Sie sind auf Seite 1von 8

Managing Data Overload in the Fields of Synthetic Biology and Public Health

Lars Crawford John Gennari 5/31/12

Introduction: An amazing aspect of science is that it continually builds upon itself: the longer any form of scientific knowledge exists the more data can be collected, which allows for the solidification of ideas in the form of theory. The amassing of this data also births novel hypotheses through a series of careful observations which ultimately give rise to new fields. However, as the amount of data across the multitude of fields grows, it becomes increasingly difficult to manage. This brings us to one of the major themes in biomedical informatics and informatics in general: data overload. Humans have been keeping track of information for millennia, but until the invention of computer systems that foster digitization, data was written down and stored manually. The digitization of information has been monumental not only for our ability to store data but to categorize it, access it, interpret it, and compare it as well. Inevitably, as the technologies for managing data continue to develop, so too do the technologies for obtaining it. The question then becomes: can the systems designed for managing data keep pace with those designed to acquire it? This question becomes particularly pertinent when considering the fields of synthetic biology and public health; the field of synthetic biology is currently exploding, and as the United States, as well as the globe, continues to develop, more and more information falls under the realm of public health. In this paper I will discuss how vast amounts of data are both beneficial and detrimental and the methods by which the fields of synthetic biology and public health attempt to overcome the challenges presented by an overload of information.
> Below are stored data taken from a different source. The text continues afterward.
(* On I, G0 = g0 - F* zeta solves (sigma^2/2) G0'' + mu G0' = F* - c0, with
   G0' = 2 s (int_x^b c0 dM - F* M[x,b)).  G_n = Phi (G0) for Phi t = t / (1 + h(t)/n), a bounded
   smooth function with |Phi'(t)| <= K (1+|t|)^-2 and |Phi''(t)| <= K (1+|t|)^-3.  By the chain rule
   sigma G_n' = Phi'(G0) sigma G0' and A G_n = Phi'(G0) (F* - c0) + Phi''(G0) (sigma G0')^2 / 2, and
   Condition D bounds c0 and (sigma G0')^2 by powers of 1 + |G0| near the ends, so both are bounded
   on I.  Near each end G0 has a limit in [-oo, oo]: it is eventually monotone at a natural end,
   where c0 > F* by Condition C, and bounded at an attainable or entrance end.  Hence G_n has finite
   boundary limits, A G_n converges (to 0 where |G0| -> oo), and at a reflecting end G_n' converges,
   which yields the one-sided derivative. *)

From Pilot Require Import Defs.
From Stdlib Require Import Reals Lra Psatz ClassicalEpsilon Classical.
From Coquelicot Require Import Coquelicot.
Open Scope R_scope.

Section Interval.
Variables a b : ereal.
Local Notation I := (inI a b).

Lemma inI_between x y z : I x -> I z -> x <= y <= z -> I y.
Proof. unfold inI, ereal_lt; destruct a, b; intuition lra. Qed.

Lemma inI_lower y z : I z -> ereal_lt a (Fin y) -> y <= z -> I y.
Proof. unfold inI, ereal_lt; destruct b; intros [? ?]; intuition lra. Qed.

Lemma inI_upper y z : I z -> ereal_lt (Fin y) b -> z <= y -> I y.
Proof. unfold inI, ereal_lt; destruct a; intros [? ?]; intuition lra. Qed.

Lemma inI_open x : I x -> exists d, 0 < d /\ forall y, Rabs (y - x) < d -> I y.
Proof.
  unfold inI, ereal_lt; intros [H1 H2].
  destruct a as [ra| |], b as [rb| |]; try tauto.
  - exists (Rmin (x - ra) (rb - x)); split; [apply Rmin_glb_lt; lra|].
    intros y Hy; apply Rabs_def2 in Hy.
    pose proof (Rmin_l (x - ra) (rb - x)); pose proof (Rmin_r (x - ra) (rb - x)); split; lra.
  - exists (x - ra); split; [lra|]. intros y Hy; apply Rabs_def2 in Hy; lra.
  - exists (rb - x); split; [lra|]. intros y Hy; apply Rabs_def2 in Hy; lra.
  - exists 1; split; [lra|tauto].
Qed.

Lemma inI_exists_lt x : I x -> exists y, I y /\ y < x.
Proof.
  intros H; destruct (inI_open x H) as [d [Hd Hy]].
  exists (x - d / 2); split; [apply Hy; rewrite Rabs_left; lra | lra].
Qed.

Lemma inI_exists_gt x : I x -> exists y, I y /\ x < y.
Proof.
  intros H; destruct (inI_open x H) as [d [Hd Hy]].
  exists (x + d / 2); split; [apply Hy; rewrite Rabs_right; lra | lra].
Qed.

Lemma near_a_ex P : near_a a b P -> exists x, I x /\ P x.
Proof. intros [y [Hy HP]]; destruct (inI_exists_lt y Hy) as [x [? ?]]; exists x; auto. Qed.

Lemma near_b_ex P : near_b a b P -> exists x, I x /\ P x.
Proof. intros [y [Hy HP]]; destruct (inI_exists_gt y Hy) as [x [? ?]]; exists x; auto. Qed.

Lemma near_a_lt y : I y -> near_a a b (fun x => x < y).
Proof. intros; exists y; split; auto. Qed.

Lemma near_b_gt y : I y -> near_b a b (fun x => y < x).
Proof. intros; exists y; split; auto. Qed.

End Interval.

Section FilterlimR.
Context {T : Type} (F : (T -> Prop) -> Prop) {FF : Filter F}.

Lemma filterlim_Rplus (f g : T -> R) (l1 l2 : R) :
  filterlim f F (locally l1) -> filterlim g F (locally l2) ->
  filterlim (fun x => f x + g x) F (locally (l1 + l2)).
Proof.
  intros H1 H2. apply (filterlim_comp_2 f g Rplus H1 H2).
  exact (filterlim_plus (K := R_AbsRing) (V := R_NormedModule) l1 l2).
Qed.

Lemma filterlim_Rmult (f g : T -> R) (l1 l2 : R) :
  filterlim f F (locally l1) -> filterlim g F (locally l2) ->
  filterlim (fun x => f x * g x) F (locally (l1 * l2)).
Proof.
  intros H1 H2. apply (filterlim_comp_2 f g Rmult H1 H2).
  exact (filterlim_mult (K := R_AbsRing) l1 l2).
Qed.

Lemma filterlim_continuity_pt_comp (f : T -> R) (phi : R -> R) (l : R) :
  filterlim f F (locally l) -> continuity_pt phi l ->
  filterlim (fun x => phi (f x)) F (locally (phi l)).
Proof.
  intros H1 H2. apply continuity_pt_filterlim in H2. exact (filterlim_comp _ _ _ f phi F _ _ H1 H2).
Qed.

End FilterlimR.

Section OneSidedLimits.
Context {a b : ereal} {x0 : R} (Hx0 : inI a b x0).
Local Notation I := (inI a b).

Lemma near_a_filter : ProperFilter (near_a a b).
Proof.
  constructor.
  - intros P HP; destruct (near_a_ex a b P HP) as [x [_ Px]]; exists x; exact Px.
  - constructor.
    + exists x0; split; auto.
    + intros P Q [y1 [Hy1 HP]] [y2 [Hy2 HQ]].
      exists (Rmin y1 y2); split.
      * unfold Rmin; destruct Rle_dec; auto.
      * intros x Hx Hlt; pose proof (Rmin_l y1 y2); pose proof (Rmin_r y1 y2).
        split; [apply HP|apply HQ]; auto; lra.
    + intros P Q HPQ [y [Hy HP]]; exists y; split; auto.
Qed.

Lemma near_b_filter : ProperFilter (near_b a b).
Proof.
  constructor.
  - intros P HP; destruct (near_b_ex a b P HP) as [x [_ Px]]; exists x; exact Px.
  - constructor.
    + exists x0; split; auto.
    + intros P Q [y1 [Hy1 HP]] [y2 [Hy2 HQ]].
      exists (Rmax y1 y2); split.
      * unfold Rmax; destruct Rle_dec; auto.
      * intros x Hx Hlt; pose proof (Rmax_l y1 y2); pose proof (Rmax_r y1 y2).
        split; [apply HP|apply HQ]; auto; lra.
    + intros P Q HPQ [y [Hy HP]]; exists y; split; auto.
Qed.

#[local] Instance near_a_Filter : Filter (near_a a b) := filter_filter (ProperFilter := near_a_filter).
#[local] Instance near_b_Filter : Filter (near_b a b) := filter_filter (ProperFilter := near_b_filter).

Lemma near_a_and P Q : near_a a b P -> near_a a b Q -> near_a a b (fun x => P x /\ Q x).
Proof. apply filter_and. Qed.
Lemma near_b_and P Q : near_b a b P -> near_b a b Q -> near_b a b (fun x => P x /\ Q x).
Proof. apply filter_and. Qed.

Lemma near_a_imp (P Q : R -> Prop) :
  (forall x, I x -> P x -> Q x) -> near_a a b P -> near_a a b Q.
Proof. intros H [y [Hy HP]]; exists y; split; auto. Qed.
Lemma near_b_imp (P Q : R -> Prop) :
  (forall x, I x -> P x -> Q x) -> near_b a b P -> near_b a b Q.
Proof. intros H [y [Hy HP]]; exists y; split; auto. Qed.

Lemma lim_a_filterlim f l : lim_a a b f (Fin l) <-> filterlim f (near_a a b) (locally l).
Proof.
  rewrite filterlim_locally; simpl; split.
  - intros H eps; apply H; destruct eps; auto.
  - intros H eps Heps; apply (H (mkposreal eps Heps)).
Qed.
Lemma lim_b_filterlim f l : lim_b a b f (Fin l) <-> filterlim f (near_b a b) (locally l).
Proof.
  rewrite filterlim_locally; simpl; split.
  - intros H eps; apply H; destruct eps; auto.
  - intros H eps Heps; apply (H (mkposreal eps Heps)).
Qed.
Effects of a Large Data Pool: One of the key aspects of the scientific method revolves around conducting multiple trials of an experiment to ensure a large sample size. This enables scientists to come to clearer conclusions about the data that is collected as it removes the effects of outliers and error as well as enunciates trends. Although the public health sector does not directly apply the scientific method in its operation, the benefits of a large sample size are noteworthy. Take, for example, the use of the syndromic surveillance system Google Flu (discussed further below): a single query for the symptoms of an Influenza Like Illness (ILI) provides little information about the health of the public while thousands of queries for ILI symptoms have the ability to accurately represent the rates of disease diagnosis around the country. In this regard, a vast amount of data is advantageous. Beyond the sample size of a single experiment, having data from a large number of experiments is also extremely beneficial. In a field like biology that seeks to determine the biochemical pathways in living organisms, and a field like synthetic biology that seeks to

manipulate these pathways for industrial or other purposes, having more data creates a clearer picture of how specific molecules function and interact. With a rich understanding of these pathways comes the ability to apply them in unique ways to produce new products. Once again, it is clear a large data pool is exceedingly valuable. Though it is true that greater amounts of data result in increasingly fruitful systems, as data pools continue to grow the issue of their management comes into play. Data management is extremely important in keeping these systems functioning succinctly. It is so important, in fact, that without such management these systems would be nearly impossible to use. However, that their only detriment is that they are difficult to manage means that the benefits of large data pools can be fully realized if standards systems are created to do so. In this way, data overload/management and standardization are closely related themes. It may seem a bit redundant to create systems to manage systems, but without data management the fields of synthetic biology and public health would not function optimally.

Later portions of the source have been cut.